Para Rui Rio, “houve um voto útil à Esquerda absolutamente esmagador” e “à Direita não houve a mesma união”. O líder do PSD admitiu que o resultado ficou “muito longe” do que previa e abriu a porta à sua saída: “Se se confirmar que o PS tem uma maioria absoluta, eu não sei como posso ser útil neste enquadramento. O partido decidirá, mas não estou a ver como posso ser útil”, disse.

André Ventura festejou os 12 deputados e culpou Rui Rio pela maioria absoluta do PS. “Passaram o tempo a dizer que com o Chega não e o resultado está à vista: com o Chega sim”, disse, afirmando querer ser a “grande alternativa de direita para substituir o PS no poder”.

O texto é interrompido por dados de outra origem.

(* Let $n=|I|\ge 1$ and let $b,\kappa,\kappa_f,\kappa_s$ be positive integers with $\kappa_f<\kappa$, $\kappa_s=\kappa-\kappa_f$, and $\kappa_s\le b$. Let $k^*\in(\mathbb{B}^{n})^{\kappa}$ and $k^{**}\in(\mathbb{B}^{n})^{\kappa_f}$ with $k^{**}\neq (k^*_{\kappa_s+1},\dots,k^*_{\kappa})$. Define $$E^S(i,k)=\mathbb{1}\big[(k\neq k^* )\wedge (k_{1\leftrightarrow\kappa_s}=i_{1\leftrightarrow\kappa_s})\big],$$ $$P=\{(i,k): (k_{\kappa_s+1\leftrightarrow\kappa}\neq k^{**})\wedge(k\neq k^* )\}.$$ Let $f_b:(\mathbb{B}^n)^b\to\mathbb{B}^{m}$ and $f'_b:(\mathbb{B}^n)^b\times(\mathbb{B}^n)^\kappa\to\mathbb{B}^{m}$ be functions such that, for all $(i,k)$, $f'_b(i,k)\neq f_b(i)$ if and only if $E^S(i,k)=1$ or $(i,k)\in P$. Then every set $D\subseteq(\mathbb{B}^n)^b$ of input sequences with the property that for every key $k\neq k^*$ there exists $i\in D$ with $f'_b(i,k)\neq f_b(i)$ satisfies $|D|\ge 2^{\kappa_s n}$. In particular, any input sequence $i$ detects (i.e. satisfies $f'_b(i,k)\ne f_b(i)$ for) at most one key $k$ with suffix $k_{\kappa_s+1\leftrightarrow\kappa}=k^{**}$.
   Context: $\mathbb{B}=\{0,1\}$. An input sequence is $i=(i_1,\dots,i_b)$ with each $i_j\in\mathbb{B}^n$ (the input applied in clock cycle $j$ of the $b$-unrolled encrypted circuit), and a key sequence is $k=(k_1,\dots,k_\kappa)$ with each $k_j\in\mathbb{B}^n$. For a sequence $s$, $s_{p\leftrightarrow q}$ denotes the subsequence $(s_p,\dots,s_q)$. $f_b$ is the function of the $b$-unrolled original circuit and $f'_b$ that of the $b$-unrolled encrypted circuit (after the $\kappa$ key cycles); $k^*$ is the correct key. An input sequence $i$ with $f'_b(i,k)\neq f_b(i)$ is said to detect (rule out) the wrong key $k$; the set $D$ models the set of distinguishing input patterns (DIPs) used by the SAT attack, so the conclusion states that the SAT attack needs at least $2^{\kappa_s n}$ DIPs. *)

From mathcomp Require Import all_boot.
Set Implicit Arguments. Unset Strict Implicit. Unset Printing Implicit Defensive.

Definition word (n : nat) := {ffun 'I_n -> bool}.
(* A sequence of l words, (B^n)^l; index j : 'I_l is cycle j+1 (0-based). *)
Definition wseq (n l : nat) := {ffun 'I_l -> word n}.

Definition zero_word (n : nat) : word n := [ffun _ => false].

(* s_(j+1) for a 0-based natural index j (default word if out of range). *)
Definition getw (n l : nat) (s : wseq n l) (j : nat) : word n :=
  if insub j is Some o then s o else zero_word n.

Definition prefix_eq (n b kappa ks : nat) (i : wseq n b) (k : wseq n kappa) : Prop :=
  forall j, j < ks -> getw k j = getw i j.

Definition suffix_eq (n kappa ks kf : nat) (k : wseq n kappa) (k2 : wseq n kf) : Prop :=
  forall j : 'I_kf, getw k (ks + j) = k2 j.

Definition ES (n b kappa ks : nat) (kstar : wseq n kappa)
  (i : wseq n b) (k : wseq n kappa) : Prop :=
  k <> kstar /\ prefix_eq ks i k.

Definition inP (n b kappa ks kf : nat) (kstar : wseq n kappa) (k2 : wseq n kf)
  (i : wseq n b) (k : wseq n kappa) : Prop :=
  ~ suffix_eq ks k k2 /\ k <> kstar.

From mathcomp Require Import all_boot.
Set Implicit Arguments. Unset Strict Implicit. Unset Printing Implicit Defensive.

(* On keys with suffix [k**] the error set [P] is empty, so such a key is
   detected by [i] only through [E^S], i.e. only when its first [ks] words are
   those of [i].  These [2^(ks n)] keys are all wrong (their suffix differs from
   that of [k*]), and an input sequence detects at most one of them: a DIP set
   therefore needs one input sequence per prefix. *)

Section KeySplicing.

Variables (n ks kf kappa : nat).
Hypothesis ks_kf : ks + kf = kappa.

Lemma getwE l (s : wseq n l) (o : 'I_l) : getw s o = s o.
Proof.
rewrite /getw; case: insubP => [u _ /val_inj -> //|]; by rewrite ltn_ord.
Qed.

Lemma card_wseq l : #|{: wseq n l}| = 2 ^ (l * n).
Proof. by rewrite card_ffun card_ffun card_bool !card_ord -expnM mulnC. Qed.

Definition splice (p : wseq n ks) (q : wseq n kf) : wseq n kappa :=
  [ffun o : 'I_kappa => if val o < ks then getw p o else getw q (val o - ks)].

Lemma getw_splice_prefix p q j : j < ks -> getw (splice p q) j = getw p j.
Proof.
move=> lt_j_ks; have lt_j : j < kappa by rewrite -ks_kf ltn_addr.
by rewrite (getwE _ (Ordinal lt_j)) ffunE /= lt_j_ks.
Qed.

Lemma suffix_eq_splice p q : suffix_eq ks (splice p q) q.
Proof.
move=> j; have lt_j : ks + j < kappa by rewrite -ks_kf ltn_add2l.
by rewrite (getwE _ (Ordinal lt_j)) ffunE /= ltnNge leq_addr /= addKn getwE.
Qed.

Lemma prefix_suffix_eq_inj b (i : wseq n b) (q : wseq n kf) (k k' : wseq n kappa) :
  prefix_eq ks i k -> prefix_eq ks i k' ->
  suffix_eq ks k q -> suffix_eq ks k' q -> k = k'.
Proof.
move=> pre_k pre_k' suf_k suf_k'; apply/ffunP => o; rewrite -!getwE.
have [lt_o_ks|le_ks_o] := ltnP o ks; first by rewrite pre_k // pre_k'.
have lt_o : o - ks < kf by rewrite ltn_subLR // ks_kf.
by rewrite -(subnKC le_ks_o) -[o - ks]/(val (Ordinal lt_o)) suf_k suf_k'.
Qed.

End KeySplicing.

Lemma prefix_cover_card n b ks (D : {set wseq n b}) :
  (forall p : wseq n ks, exists2 i, i \in D & forall j, j < ks -> getw p j = getw i j) ->
  2 ^ (ks * n) <= #|D|.
Proof.
move=> cover; pose pre (i : wseq n b) : wseq n ks := [ffun j : 'I_ks => getw i j].
have /subset_leq_card : [set: wseq n ks] \subset pre @: D.
  apply/subsetP => p _; have [i iD pre_i] := cover p.
  by apply/imsetP; exists i => //; apply/ffunP => j; rewrite ffunE -getwE pre_i.
rewrite cardsT card_wseq => /leq_trans; apply; exact: leq_imset_card.
Qed.

Theorem theorem1 (n b kappa kf ks m : nat)
  (Hn : 1 <= n) (Hb : 0 < b) (Hkf : 0 < kf) (Hks0 : 0 < ks)
  (Hkfk : kf < kappa) (Hks : ks = kappa - kf) (Hksb : ks <= b)
  (kstar : wseq n kappa) (k2 : wseq n kf)
  (Hk2 : ~ suffix_eq ks kstar k2)
  (f : wseq n b -> {ffun 'I_m -> bool})
  (f' : wseq n b -> wseq n kappa -> {ffun 'I_m -> bool})
  (Hf : forall i k, f' i k <> f i <-> (ES ks kstar i k \/ inP ks kstar k2 i k)) :
  (forall D : {set wseq n b},
     (forall k, k <> kstar -> exists2 i, i \in D & f' i k <> f i) ->
     2 ^ (ks * n) <= #|D|)
  /\
  (forall (i : wseq n b) (k k' : wseq n kappa),
     suffix_eq ks k k2 -> suffix_eq ks k' k2 ->
     f' i k <> f i -> f' i k' <> f i -> k = k').
Proof.
have ks_kf : ks + kf = kappa by rewrite Hks subnK // ltnW.
have detect_prefix i k : suffix_eq ks k k2 -> f' i k <> f i -> prefix_eq ks i k.
  by move=> suf_k /Hf [[_ pre_k] | [not_suf_k _]].
split=> [D DIPs | i k k' suf_k suf_k' det_k det_k'].
  apply: prefix_cover_card => p.
  have suf_p := suffix_eq_splice ks_kf p k2.
  have [|i iD det_i] := DIPs (splice kappa p k2); first by move=> E; apply: Hk2; rewrite -E.
  exists i => // j lt_j; rewrite -(getw_splice_prefix ks_kf p k2 lt_j).
  exact: detect_prefix.
exact: (prefix_suffix_eq_inj ks_kf (detect_prefix _ _ suf_k det_k)
          (detect_prefix _ _ suf_k' det_k') suf_k suf_k').
Qed.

Cotrim de Figueiredo, da IL, regozijou-se com os oito deputados, mas lamentou a maioria absoluta do PS.

Os ex-parceiros da geringonça, que Costa culpou pelo chumbo do Orçamento de Estado, ainda antes da discussão na especialidade, e a quem acusou de não serem “confiáveis”, saíram altamente prejudicados.

Catarina Martins reconheceu tratar-se de “um mau resultado” e de “um dia difícil para o partido”, embora não se arrependa do chumbo do OE. “A estratégia do PS de criar uma crise artificial para ter uma maioria absoluta foi bem sucedida”, disse, dando como certa essa vitória quando ela ainda não era conhecida. Questionada sobre a sua liderança, disse que o partido fará essa avaliação e apontou o dedo aos “deputados racistas” que entraram no Parlamento. “Cá estaremos para os combater”.

Jerónimo de Sousa, o primeiro líder partidário a reagir, reconheceu que se tratou de uma “quebra eleitoral com significativa perda de deputados”, apontando o dedo à bipolarização e à “descarada ação do PS” para se aproveitar de medidas pelas quais o PCP se bateu no Parlamento, sem esquecer o presidente da República, a quem responsabilizou pela convocação destas eleições.

Francisco Rodrigues dos Santos assumiu a responsabilidade pelo desaparecimento do CDS do Parlamento e apresentou a demissão da liderança e a convocação de um congresso. Só pelas 00.45 horas o PAN garantiu a eleição de um deputado, perdendo três mandatos.